*** Exercise data ***
Theorem lemma2 (C : numClosedFieldType) (d x : nat) (hd : (2 <= d)%N) (hx : (1 <= x)%N)
  (U : 'I_x -> 'M[C]_(d * d)) (hU : forall m, unitary_mx (U m)) :
  let R := Rmat U in
  let L := Lmat U in
  let dd : C := (d ^ 2)%:R in
  ((forall m, dual_unitary (U m)) ->
     (forall y : 'I_x.+1,
        mact R (@rvec C d x y) = (fun a => dd * @rvec C d x y a) /\
        ract (@rvec C d x y) R = (fun a => dd * @rvec C d x y a) /\
        mact L (@lvec C d x y) = (fun a => dd * @lvec C d x y a) /\
        ract (@lvec C d x y) L = (fun a => dd * @lvec C d x y a)) /\
     (forall c : 'I_x.+1 -> C,
        (forall a, \sum_(y < x.+1) c y * @rvec C d x y a = 0) -> forall y, c y = 0) /\
     (forall c : 'I_x.+1 -> C,
        (forall a, \sum_(y < x.+1) c y * @lvec C d x y a = 0) -> forall y, c y = 0)) /\
  (mact R (@rvec C d x 0) = (fun a => dd * @rvec C d x 0 a) /\
   mact L (@lvec C d x 0) = (fun a => dd * @lvec C d x 0 a) /\
   ract (@rvec C d x x) R = (fun a => dd * @rvec C d x x a) /\
   ract (@lvec C d x x) L = (fun a => dd * @lvec C d x x a)).
Proof.
move=> R L dd; rewrite {}/R {}/L {}/dd.
have vacuous_below_0 (m : 'I_x) : (m < 0)%N -> dual_unitary (U m) by [].
have vacuous_from_x (m : 'I_x) : (x <= m)%N -> dual_unitary (U m) by rewrite leqNgt ltn_ord.
split; last first.
  by rewrite Rmat_right_eigen // Lmat_right_eigen // Rmat_left_eigen // Lmat_left_eigen.
move=> hdual; split.
  by move=> y; rewrite Rmat_right_eigen ?Rmat_left_eigen ?Lmat_right_eigen ?Lmat_left_eigen
    // => m _; apply: hdual.
pose label := indicator_label hd.
split.
- apply: (prefix_prods_free (t := label (pred2 1 2)) (c := label (pred2 2 3)));
    by rewrite /tri /circ !ffunE.
- apply: (prefix_prods_free (t := label (pred2 2 3)) (c := label (pred2 1 6)));
    by rewrite /circ /cross !ffunE.
Qed.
*** End of Exercise data ***
Directions ->
Set down again, word for word, the stretch of records from the line with "(forall a, \sum_(y < x.+1) c y * @rvec" to the line with "ract (@rvec C d x x)", both of those lines included.

Exercise answer ->
        (forall a, \sum_(y < x.+1) c y * @rvec C d x y a = 0) -> forall y, c y = 0) /\
     (forall c : 'I_x.+1 -> C,
        (forall a, \sum_(y < x.+1) c y * @lvec C d x y a = 0) -> forall y, c y = 0)) /\
  (mact R (@rvec C d x 0) = (fun a => dd * @rvec C d x 0 a) /\
   mact L (@lvec C d x 0) = (fun a => dd * @lvec C d x 0 a) /\
   ract (@rvec C d x x) R = (fun a => dd * @rvec C d x x a) /\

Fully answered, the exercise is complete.